Если бы ей кто-нибудь сказал: «Смотри, вот этот мрачноватый провинциальный молчун, сын какой-то большой партийной шишки из Сибири, станет твоим мужем», она бы очень удивилась и, наверное, даже засмеялась бы: «Кто? Гришка? Да никогда в жизни!»
Но известно ведь, что нельзя зарекаться…
Он был совсем не так прост. Учился, между прочим, в университете, на факультете психологии. И квартиру в Москве имел свою собственную, на проспекте Вернадского, так как папа у него был первым секретарем Синедольского крайкома партии, а дети таких пап в общежитиях не жили.

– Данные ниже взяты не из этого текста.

(* Let $\underline R$ be a Green functor and $\underline S$ an $\underline R$-algebra (a Green functor with a Green functor map $\underline R\to\underline S$). Then there is an isomorphism of $\underline S$-modules $\underline{\operatorname{HH}}_1(\underline S/\underline R)\cong\Omega^{1,G}_{\underline S/\underline R}$, given on generators by $s_1\otimes s_2\mapsto s_1\,d(s_2)$ for $s_1,s_2\in\underline S(G/H)$.
   Context: Green functors for a finite group $G$ are commutative monoids in Mackey functors under the box product. $\underline{\operatorname{HH}}_*(\underline S/\underline R)$ is the homology of the cyclic nerve $[k]\mapsto\underline S\boxtimes_{\underline R}\underline S^{\boxtimes_{\underline R}k}$ (faces given by multiplying adjacent factors, the last face moving the last factor to the front and multiplying), so $\underline{\operatorname{HH}}_1(\underline S/\underline R)=(\underline S\boxtimes_{\underline R}\underline S)/\operatorname{im}(b)$ with $b(s_1\otimes s_2\otimes s_3)=s_1s_2\otimes s_3-s_1\otimes s_2s_3+s_3s_1\otimes s_2$. An $\underline R$-derivation $d:\underline S\to\underline M$ into an $\underline S$-module is a map of Mackey functors vanishing on the image of $\underline R$ and satisfying $d(s_1s_2)=s_1d(s_2)+s_2d(s_1)$ at each level. $\Omega^{1,G}_{\underline S/\underline R}$ (genuine Kähler differentials, which for Green functors is $\underline I/\underline I^{>1}$ with $\underline I=\ker(\underline S\boxtimes_{\underline R}\underline S\to\underline S)$) is the $\underline S$-module with universal derivation $d:\underline S\to\Omega^{1,G}_{\underline S/\underline R}$, $d(s)=[s\otimes1-1\otimes s]$, corepresenting $\underline R$-derivations. *)

From HB Require Import structures.
From mathcomp Require Import all_boot all_order all_algebra all_fingroup.
Set Implicit Arguments. Unset Strict Implicit. Unset Printing Implicit Defensive.
Import GRing.Theory.
Local Open Scope ring_scope.

Section Mackey.
Variables (gT : finGroupType) (G : {group gT}).

(* A Mackey functor for G, indexed by subgroups H of G (values at groups not
   contained in G are irrelevant junk).  [res H K] is restriction from H to
   K <= H, [tr K H] is transfer (induction) from K <= H to H, and
   [cj g H K] is conjugation M(H) -> M(K), meaningful when K = H :^ g. *)
Record mackey_axioms (V : {group gT} -> zmodType)
  (res : forall H K : {group gT}, V H -> V K)
  (tr : forall K H : {group gT}, V K -> V H)
  (cj : forall (g : gT) (H K : {group gT}), V H -> V K) : Prop := {
  res_sub : forall (H K : {group gT}) x y, H \subset G -> K \subset H ->
    res H K (x - y) = res H K x - res H K y;
  tr_sub : forall (K H : {group gT}) x y, H \subset G -> K \subset H ->
    tr K H (x - y) = tr K H x - tr K H y;
  cj_sub : forall g (H K : {group gT}) x y, H \subset G -> g \in G ->
    K :=: (H :^ g)%g -> cj g H K (x - y) = cj g H K x - cj g H K y;
  res_id : forall (H : {group gT}) x, H \subset G -> res H H x = x;
  tr_id : forall (H : {group gT}) x, H \subset G -> tr H H x = x;
  res_comp : forall (H K L : {group gT}) x, H \subset G -> K \subset H ->
    L \subset K -> res K L (res H K x) = res H L x;
  tr_comp : forall (H K L : {group gT}) x, H \subset G -> K \subset H ->
    L \subset K -> tr K H (tr L K x) = tr L H x;
  cj_inner : forall (H : {group gT}) h x, H \subset G -> h \in H ->
    cj h H H x = x;
  cj_comp : forall g g' (H K L : {group gT}) x, H \subset G -> g \in G ->
    g' \in G -> K :=: (H :^ g)%g -> L :=: (K :^ g')%g ->
    cj g' K L (cj g H K x) = cj (g * g')%g H L x;
  cj_res : forall g (H K H' K' : {group gT}) x, H \subset G -> K \subset H ->
    g \in G -> H' :=: (H :^ g)%g -> K' :=: (K :^ g)%g ->
    cj g K K' (res H K x) = res H' K' (cj g H H' x);
  cj_tr : forall g (H K H' K' : {group gT}) x, H \subset G -> K \subset H ->
    g \in G -> H' :=: (H :^ g)%g -> K' :=: (K :^ g)%g ->
    cj g H H' (tr K H x) = tr K' H' (cj g K K' x);
  mackey_formula : forall (H K L : {group gT}) (X : {set gT}) x,
    H \subset G -> K \subset H -> L \subset H -> X \subset H ->
    (forall h, h \in H -> exists! y, y \in X /\ h \in (K :* y * L)%g) ->
    res H L (tr K H x) =
      \sum_(y in X) tr (K :^ y :&: L)%G L
         (cj y (K :&: L :^ y^-1)%G (K :^ y :&: L)%G
            (res K (K :&: L :^ y^-1)%G x)) }.
Definition unit_coef a : R := (a == 0)%N%:R.

Lemma ffactnD n k j : (n ^_ (k + j) = n ^_ k * (n - k) ^_ j)%N.
Proof.
by elim: j => [|j IH]; rewrite ?addn0 ?muln1 // addnS !ffactnSr IH -mulnA subnDA.
Qed.

Lemma sum_sign_binomial d :
  \sum_(0 <= j < d.+1) (-1) ^+ j * 'C(d, j)%:R = (d == 0)%N%:R :> R.
Proof.
have := exprDn (1 : R) (-1) d; rewrite subrr expr0n => ->.
by rewrite big_mkord; apply: eq_bigr => i _; rewrite expr1n mul1r mulr_natr.
Qed.

Lemma indicator_coef_expands k : expands (indicator_coef k) (pred1 k).
Proof.
move=> X N XN; rewrite (big_cat_nat _ (n := X.+1)) //= [Y in _ + Y]big_nat_cond [Y in _ + Y]big1 ?addr0;
  last by move=> a /andP[/andP[Xa _] _]; rewrite ffact_small // mulr0.
rewrite -/(psum _ X) /=; case: (leqP k X) => [kX | Xk]; last first.
  rewrite (ltn_eqF Xk) /psum big_nat_cond big1 // => a /andP[/andP[_ aX] _].
  by rewrite /indicator_coef /shiftr_seq ifF ?mul0r //; apply/negbTE; lia.
rewrite -(subnKC kX); move: (X - k)%N => d.
pose w j := 'C(k + d, k)%:R * ((-1) ^+ j * 'C(d, j)%:R) : R.
transitivity (psum (shiftr_seq k w) (k + d)).
  apply: eq_bigr => a _; rewrite /indicator_coef /shiftr_seq; case: leqP => ka; last by rewrite mul0r.
  rewrite /w -(subnKC ka) addKn ffactnD addKn -!bin_ffact !natrM.
  by field; rewrite !pnatr_eq0 -!lt0n !fact_gt0.
rewrite psum_shiftr psumZ /psum sum_sign_binomial; clear w.
case: d => [|d]; first by rewrite addn0 binn !eqxx mulr1.
by rewrite mulr0 (_ : (k + d.+1 == k) = false) //; lia.
Qed.

Lemma unit_coef_expands : expands unit_coef predT.
Proof.
move=> X N _; rewrite big_ltn // /unit_coef eqxx mul1r ffactn0 big_nat_cond big1 ?addr0 //.
by move=> a /andP[/andP[a_gt0 _] _]; rewrite eqn0Ngt a_gt0 mul0r.
Qed.

Definition poisson_pmf (mu : R) k := mu ^+ k / k`!%:R * exp (- mu).
(* Let $f:\mathbb{R}\to\mathbb{R}^T$ be a function each of whose outputs $f_t$ is continuous piecewise linear and interpolates the dataset $\mathcal{D}_t=\{(x_i,y_{it})\}_{i=1}^N$. Suppose that at some point $\tilde x$ lying strictly between consecutive data points, one or more of the outputs $f_t$ has a knot. Let $\tilde x_1<\tilde x<\tilde x_2$ be the closest knots of $f$ (in any output) before and after $\tilde x$, let $\tau=\frac{\tilde x-\tilde x_1}{\tilde x_2-\tilde x_1}$, and suppose the slopes of each $f_t$ are: $a_t$ immediately to the left of $\tilde x_1$, $b_t+\delta_t$ on $(\tilde x_1,\tilde x)$, $b_t-\frac{\tau}{1-\tau}\delta_t$ on $(\tilde x,\tilde x_2)$, and $c_t$ immediately to the right of $\tilde x_2$. Let $\mathbf{a},\mathbf{b},\mathbf{c},\boldsymbol\delta\in\mathbb{R}^T$ collect these values. Then replacing $f$ on $[\tilde x_1,\tilde x_2]$ by the straight line connecting $f(\tilde x_1)$ and $f(\tilde x_2)$ (i.e., removing the knot at $\tilde x$) does not increase $R(f)$. Furthermore, if $\mathbf{a}-\mathbf{b}$ and $\mathbf{b}-\mathbf{c}$ are not aligned, doing so strictly decreases $R(f)$.
   Context: Networks: $f_\theta(x)=\sum_{k=1}^K \mathbf{v}_k(w_kx+b_k)_+ + \mathbf{a}_0x+\mathbf{c}_0$ with $w_k,b_k\in\mathbb{R}$, $\mathbf{v}_k,\mathbf{a}_0,\mathbf{c}_0\in\mathbb{R}^T$, $K$ a fixed width, $(z)_+=\max\{0,z\}$. The representational cost of a function $f:\mathbb{R}\to\mathbb{R}^T$ is $R(f)=\inf_\theta \sum_{k=1}^K\|\mathbf{v}_k\|_2$ subject to $|w_k|=1$ for all $k$ and $f=f_\theta$. A knot of $f_t$ is a point where the slope of $f_t$ changes. Two vectors $\mathbf{u}_1,\mathbf{u}_2$ are aligned if $\mathbf{u}_1^\top\mathbf{u}_2=\|\mathbf{u}_1\|_2\|\mathbf{u}_2\|_2$. By construction the straight line from $(\tilde x_1,f_t(\tilde x_1))$ to $(\tilde x_2,f_t(\tilde x_2))$ has slope $b_t$. *)

From HB Require Import structures.
From mathcomp Require Import all_boot all_order all_algebra.
From mathcomp Require Import all_classical all_reals all_analysis.
Set Implicit Arguments. Unset Strict Implicit. Unset Printing Implicit Defensive.
Import Order.TTheory GRing.Theory Num.Theory numFieldNormedType.Exports.
Local Open Scope ring_scope.
Local Open Scope classical_set_scope.
Lemma exp_dist_None a :
  d' (Some a) None = if x_side a then d a x + lam x y else d a y + eps.
Proof.
case: ifP => xa.
  have [|p pax X] := @side_path a x; first by rewrite xa x_side_x.
  have pxN : simple_path e' (Some x) None [:: None].
    by apply: simple_path_cons; rewrite /= ?eqxx // /simple_path.
  have /(dist_treeE exp_tree) -> : simple_path e' (Some a) None (map Some p ++ [:: None]).
    apply: simple_path_cat (lift_simple_path pax X) pxN _.
    by rewrite /= orbF -map_cons; apply/mapP => -[].
  case/and3P: (pax) => _ /eqP lp _.
  by rewrite walk_len_cat last_map lp walk_len_lift /= eqxx addr0 (dist_treeE tree pax).
have [|p pya Y] := @side_path y a; first by rewrite x_side_y xa.
have /(dist_treeE exp_tree) : simple_path e' None (Some a) (Some y :: map Some p).
  apply: simple_path_cons (lift_simple_path pya Y); first by rewrite /= eqxx orbT.
  by rewrite -map_cons; apply/mapP => -[].
rewrite (dist_sym exp_len_sym exp_tree) (dist_sym lam_sym tree a) => ->.
by rewrite /= walk_len_lift (eq_sym y) (negPf x_neq_y) eqxx (dist_treeE tree pya) addrC.
Qed.

Lemma exp_dist_Some a b :
  d' (Some a) (Some b) = d a b + (if x_side a == x_side b then 0 else eps).
Proof.
case xa: (x_side a); case xb: (x_side b) => /=.
- by rewrite exp_dist_same ?xa ?xb // addr0.
- by case: (dist_cross xa (negbT xb)).
- by case: (dist_cross_sym (negbT xa) xb).
- by rewrite exp_dist_same ?xa ?xb // addr0.
Qed.

End Expansion.

(* Here d and d' stand for the distances in T and in the expanded tree, X for the
   component of T - y containing x, and la for lambda(xy); the hypotheses on them are
   the facts proved in section Expansion. *)
Section CellsAfterExpansion.
Variables (R : realType) (V : finType) (d : V -> V -> R).
Variables (d' : option V -> option V -> R) (X : pred V) (x y : V) (la eps : R).
Hypotheses (la_gt0 : 0 < la) (eps_gt0 : 0 < eps) (Xx : X x) (nXy : ~~ X y).
Hypothesis d_xx : forall a, d a a = 0.
Hypothesis d_triangle : forall a b c, d a c <= d a b + d b c.
Hypothesis d_cross : forall a b, X a -> ~~ X b -> d a b = d a x + la + d y b.
Hypothesis d_cross_sym : forall a b, ~~ X a -> X b -> d a b = d a y + la + d x b.
Hypothesis d'_Some :
  forall a b, d' (Some a) (Some b) = d a b + (if X a == X b then 0 else eps).
Hypothesis d'_None :
  forall a, d' (Some a) None = if X a then d a x + la else d a y + eps.

Variables (k : nat) (U : 'I_k -> {set V}) (s : 'I_k -> V) (i1 m : 'I_k).
Hypothesis U_cell : forall i z, (z \in U i) = [forall j, d (s i) z <= d (s j) z].
Hypothesis x_in_U : forall j, (x \in U j) = (j == i1).
Hypotheses (y_in_U1 : y \in U i1) (m_neq_i1 : m != i1) (y_in_Um : y \in U m).

Lemma le_dist_site1_x j : d (s i1) x <= d (s j) x.
Proof. by move: (x_in_U i1); rewrite eqxx U_cell => /forallP. Qed.

Lemma lt_dist_site1_x j : j != i1 -> d (s i1) x < d (s j) x.
Proof.
move=> ji1; have := x_in_U j; rewrite (negPf ji1) U_cell => /negbT.
rewrite negb_forall => /existsP[j']; rewrite -ltNge.
exact: le_lt_trans (le_dist_site1_x j').
Qed.

Lemma le_dist_sitem_y j : d (s m) y <= d (s j) y.
Proof. by move: y_in_Um; rewrite U_cell => /forallP. Qed.

Lemma dist_site1_y_sitem : d (s i1) y = d (s m) y.
Proof.
apply/eqP; rewrite eq_le le_dist_sitem_y andbT.
by move: y_in_U1; rewrite U_cell => /forallP.
Qed.

Lemma X_site1 : X (s i1).
Proof.
apply/negPn/negP => nXs1; have := lt_dist_site1_x m_neq_i1.
have := d_triangle (s m) y x; rewrite (d_cross_sym nXs1 Xx) (d_cross_sym nXy Xx) !d_xx.
have := le_dist_sitem_y i1; lra.
Qed.

Lemma notX_sitem : ~~ X (s m).
Proof.
apply/negP => Xsm; have := lt_dist_site1_x m_neq_i1; have := dist_site1_y_sitem.
by rewrite (d_cross X_site1 nXy) (d_cross Xsm nXy) d_xx; lra.
Qed.

Lemma dist_site1_yx : d (s i1) y = d (s i1) x + la.
Proof. by rewrite (d_cross X_site1 nXy) d_xx addr0. Qed.

Lemma lt_dist_site1_X z j : X z -> ~~ X (s j) -> d (s i1) z < d (s j) z.
Proof.
move=> Xz nXsj; rewrite (d_cross_sym nXsj Xz).
have := le_dist_sitem_y j; have := dist_site1_y_sitem; have := d_triangle (s i1) x z.
by rewrite dist_site1_yx; have := la_gt0; lra.
Qed.

Lemma le_dist_sitem_notX z j : ~~ X z -> X (s j) -> d (s m) z <= d (s j) z.
Proof.
move=> nXz Xsj; rewrite (d_cross Xsj nXz).
have := le_dist_site1_x j; have := dist_site1_y_sitem; have := d_triangle (s m) y z.
by rewrite dist_site1_yx; lra.
Qed.

Lemma lt_dist_sitem_notX z j : j != i1 -> ~~ X z -> X (s j) -> d (s m) z < d (s j) z.
Proof.
move=> ji1 nXz Xsj; rewrite (d_cross Xsj nXz).
have := lt_dist_site1_x ji1; have := dist_site1_y_sitem; have := d_triangle (s m) y z.
by rewrite dist_site1_yx; lra.
Qed.

Lemma None_cellE i :
  [forall j, d' (Some (s i)) None <= d' (Some (s j)) None] = (i == i1).
Proof.
apply: (forall_le_unique (f := fun j => d' (Some (s j)) None)) => j ji1.
rewrite !d'_None X_site1 /=; have := lt_dist_site1_x ji1; case: ifP => Xsj; first lra.
have := le_dist_sitem_y j; have := dist_site1_y_sitem; rewrite dist_site1_yx.
by have := eps_gt0; lra.
Qed.

Lemma X_cellE i z : X z ->
  (z \in U i) = [forall j, d' (Some (s i)) (Some z) <= d' (Some (s j)) (Some z)].
Proof.
move=> Xz; have off_lt j : ~~ (X (s j) == X z) -> d (s i1) z < d (s j) z.
  by rewrite Xz eqb_id; apply: lt_dist_site1_X.
have Ps1 : X (s i1) == X z by rewrite X_site1 Xz.
have off_le j : ~~ (X (s j) == X z) -> d (s i1) z <= d (s j) z by move/off_lt/ltW.
move: (forall_le_penalty (c := fun j => d (s j) z) (P := fun j => X (s j) == X z)
  eps_gt0 Ps1 off_le (off_lt i)) => /=.
by rewrite U_cell => ->; apply: eq_forallb => j; rewrite !d'_Some.
Qed.

Lemma notX_cellE i z : i != i1 -> ~~ X z ->
  (z \in U i) = [forall j, d' (Some (s i)) (Some z) <= d' (Some (s j)) (Some z)].
Proof.
move=> ii1 nXz; have Psm : X (s m) == X z by rewrite (negPf notX_sitem) (negPf nXz).
have off_le j : ~~ (X (s j) == X z) -> d (s m) z <= d (s j) z.
  by rewrite (negPf nXz) eqbF_neg negbK; apply: le_dist_sitem_notX.
have off_lt : ~~ (X (s i) == X z) -> d (s m) z < d (s i) z.
  by rewrite (negPf nXz) eqbF_neg negbK; apply: lt_dist_sitem_notX.
move: (forall_le_penalty (c := fun j => d (s j) z) (P := fun j => X (s j) == X z)
  eps_gt0 Psm off_le off_lt) => /=.
by rewrite U_cell => ->; apply: eq_forallb => j; rewrite !d'_Some.
Qed.

Lemma notX_notin_cell1 z : ~~ X z ->
  ~~ [forall j, d' (Some (s i1)) (Some z) <= d' (Some (s j)) (Some z)].
Proof.
move=> nXz; rewrite negb_forall; apply/existsP; exists m.
rewrite -ltNge !d'_Some X_site1 (negPf nXz) (negPf notX_sitem) /=.
by have := le_dist_sitem_notX nXz X_site1; have := eps_gt0; lra.
Qed.

Lemma expanded_cellE i A :
  (A \in if i == i1 then None |: [set Some v | v in [set v in U i1 | X v]]
         else [set Some v | v in U i])
  = [forall j, d' (Some (s i)) A <= d' (Some (s j)) A].
Proof.
case: A => [z|]; last first.
  rewrite None_cellE; have [_|_] := eqVneq i i1; first exact: setU11.
  by apply/imsetP => -[].
have memS (T : {set V}) : (Some z \in [set Some v | v in T]) = (z \in T).
  by apply: mem_imset; apply: Some_inj.
have [Xz|nXz] := boolP (X z).
  rewrite -X_cellE //; have [->|ii1] := eqVneq i i1; last by rewrite memS.
  by rewrite in_setU1 memS inE Xz andbT.
have [->|ii1] := eqVneq i i1; last by rewrite memS notX_cellE.
by rewrite in_setU1 memS inE (negPf nXz) andbF; apply/esym/negbTE/notX_notin_cell1.
Qed.
End CellsAfterExpansion.

Lemma mem_Wset (V : finType) k (U : 'I_k -> {set V}) i v :
  v \in Wset U i -> forall j, (v \in U j) = (j == i).
Proof.
rewrite inE => /andP[nvU vUi] j; have [->//|ji] := eqVneq j i.
by apply: contraNF nvU => vUj; apply/bigcupP; exists j.
Qed.

Lemma notin_Wset (V : finType) k (U : 'I_k -> {set V}) i v :
  v \in U i :\: Wset U i -> exists2 j, j != i & v \in U j.
Proof.
rewrite !inE negb_and negbK => /andP[/orP[/bigcupP[j ji vUj]|nvU] vU]; first by exists j.
by rewrite vU in nvU.
Qed.

Theorem lemma16 (R : realType) (V : finType) (e : rel V) (lam : V -> V -> R)
    (k : nat) (U S : 'I_k -> {set V}) (i1 : 'I_k) (x y : V) (eps : R)
    (s : 'I_k -> V) :
  is_tree e ->
  edge_lengths e lam ->
  covers U ->
  (forall i : 'I_k, S i \subset Wset U i) ->
  in_E e U i1 x y ->
  0 < eps ->
  is_solution e lam U S s ->
  is_solution (exp_rel e x y) (exp_len lam x y eps) (exp_U e x y U i1) (exp_S S)
    (fun i => Some (s i)).
Proof.
move=> tree lam_pos _ _ /and3P[exy xW yU] eps_gt0 sol.
have U_cell i z : (z \in U i) = [forall j, dist e lam (s i) z <= dist e lam (s j) z].
  by rewrite (proj2 (sol i)) inE forall_imset.
have [m m_i1 y_Um] := notin_Wset yU.
have y_U1 : y \in U i1 by case/setDP: yU.
have lam_ge0 a b : e a b -> 0 <= lam a b by case/lam_pos => /ltW.
move=> i; split.
  by rewrite mem_imset; [exact: (proj1 (sol i)) | exact: Some_inj].
apply/setP => A; rewrite inE forall_imset.
apply: (expanded_cellE (proj1 (lam_pos _ _ exy)) eps_gt0 (x_side_x e x y)
  (negbT (x_side_y tree exy)) (dist_xx tree) (dist_triangle lam_ge0 tree) _ _
  (exp_dist_Some _ tree lam_pos exy) (exp_dist_None _ tree lam_pos exy)
  U_cell (mem_Wset xW) y_U1 m_i1 y_Um).
- by move=> a b xa nxb; case: (dist_cross lam eps tree exy xa nxb).
- by move=> a b nxa xb; case: (dist_cross_sym eps tree lam_pos exy nxa xb).
Qed.
Lemma exists_shrink_stretch (R : rcfType) n (rho : R) :
  (0 < n)%N -> n%:R < rho ->
  exists b t : R, [/\ 0 < b, b <= t, (rho - 1) * b ^+ 2 + t ^+ 2 <= rho
                    & 1 < t * b ^+ n.-1].
Proof.
move=> n_gt0 rho_gt; set m : R := n%:R.
have m_ge1 : 1 <= m by rewrite /m ler1n.
(* [dl] is chosen so that [(1 + dl (rho - 1)) (1 - (m - 1) dl) > 1]. *)
pose dl := (rho - m) / (2 * m * (rho - 1)).
have den_gt0 : 0 < 2 * m * (rho - 1) by rewrite !mulr_gt0 //; lra.
have dl_gt0 : 0 < dl by rewrite divr_gt0 //; lra.
have dlE : dl * (2 * m * (rho - 1)) = rho - m by rewrite mulfVK // gt_eqF.
have dl_small : dl * (rho - 1) * (m - 1) <= (rho - m) / 2.
  by rewrite ler_pdivlMr //; nra.
have dl_lt1 : dl < 1 by nra.
exists (Num.sqrt (1 - dl)), (Num.sqrt (1 + dl * (rho - 1))).
have b2 : Num.sqrt (1 - dl) ^+ 2 = 1 - dl by rewrite sqr_sqrtr //; lra.
have t2 : Num.sqrt (1 + dl * (rho - 1)) ^+ 2 = 1 + dl * (rho - 1).
  by rewrite sqr_sqrtr //; nra.
split.
- by rewrite sqrtr_gt0; lra.
- by rewrite ler_sqrt; nra.
- by rewrite b2 t2; lra.
set t := Num.sqrt _; set b := Num.sqrt _.
have tb_ge0 : 0 <= t * b ^+ n.-1 by rewrite mulr_ge0 ?exprn_ge0 ?sqrtr_ge0.
have bernoulli : 1 - (m - 1) * dl <= (b ^+ 2) ^+ n.-1.
  have -> : m - 1 = n.-1%:R by rewrite /m -{1}(prednK n_gt0) mulrSr addrK.
  by rewrite b2 -mulrN; apply: bernoulli_ineq; lra.
have : 1 < (t * b ^+ n.-1) ^+ 2.
  rewrite exprMn -exprM mulnC exprM t2.
  apply: lt_le_trans (ler_wpM2l _ bernoulli); nra.
by apply: contraTT; rewrite -!leNgt => h; rewrite -(expr1n _ 2) ler_pXn2r ?nnegrE.
Qed.

Definition maps_ball_into_polar (R : realFieldType) n (V : 'cV[R]_n -> Prop)
    (A : 'M[R]_n) :=
  forall v, V v -> dotv (A^T *m v) (A^T *m v) <= 1.

Lemma maps_ball_into_polar_bounded (R : realFieldType) n (V : 'cV[R]_n -> Prop) :
  spansv V -> exists2 C : R, 0 <= C &
    forall A, maps_ball_into_polar V A -> forall i j, `|A i j| <= C.
Proof.
move=> V_span.
have row_bound (i : 'I_n) : exists C : R,
    forall A, maps_ball_into_polar V A -> forall j, `|A i j| <= C.
  have [k [vs [c [Vvs eE]]]] := V_span (delta_mx i 0).
  exists (\sum_(l < k) `|c l|) => A A_polar j.
  have -> : A i j = (A^T *m (delta_mx i 0 : 'cV_n)) j 0 by rewrite -colE !mxE.
  rewrite eE mulmx_sumr summxE; apply: le_trans (ler_norm_sum _ _ _) _.
  apply: ler_sum => l _; rewrite -scalemxAr mxE normrM ler_piMr //.
  rewrite -(@expr_le1 _ 2) // real_normK ?num_real //.
  exact: le_trans (sqr_coord_le_dotv _ j) (A_polar _ (Vvs l)).
have [C C_bound] := fin_all_exists row_bound.
exists (\sum_i `|C i|) => [|A A_polar i j]; first exact: sumr_ge0.
apply: le_trans (C_bound i A A_polar j) _; apply: le_trans (ler_norm _) _.
by rewrite (bigD1 i) //= lerDl sumr_ge0.
Qed.

Lemma boundedv_scalar_polar (R : rcfType) n (V : 'cV[R]_n -> Prop) :
  boundedv V -> exists2 k : R, 0 < k & maps_ball_into_polar V k%:M.
Proof.
move=> [M V_le_M]; have M1_gt0 : 0 < 1 + `|M| by rewrite ltr_pwDl.
exists (1 + `|M|)^-1; first by rewrite invr_gt0.
move=> v Vv; rewrite -norm2_le1 tr_scalar_mx mul_scalar_mx norm2Z.
rewrite gtr0_norm ?invr_gt0 // ler_pdivrMl // mulr1.
by apply: le_trans (V_le_M _ Vv) _; rewrite ler_wpDl ?ler_norm.
Qed.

Он никогда не приходил с пустыми руками, в его красивой заграничной сумке были припасены всякие деликатесы из какого-то закрытого партийного то ли буфета, то ли распределителя. Стоило чему-то сломаться, и он тут же чинил, молча, быстро. Однажды, во время шумной вечеринки у Ники дома, она застала его на кухне у раковины. Он мыл посуду.
Никите такое в голову не могло прийти.
Как-то у нее окончательно сломался смеситель в ванной, на следующий день Гришка принес и поставил новый, импортный. Никита в свои двадцать три года еще не имел представления о том, что такое гаечный ключ, как и сколько надо дать сверху продавцу в магазине «Сантехника», чтобы тот достал из-под прилавка хороший смеситель, и почему импортный лучше нашего.
Все это были мелочи, но Ника, в отличие от Никиты, прекрасно знала цену этим мелочам.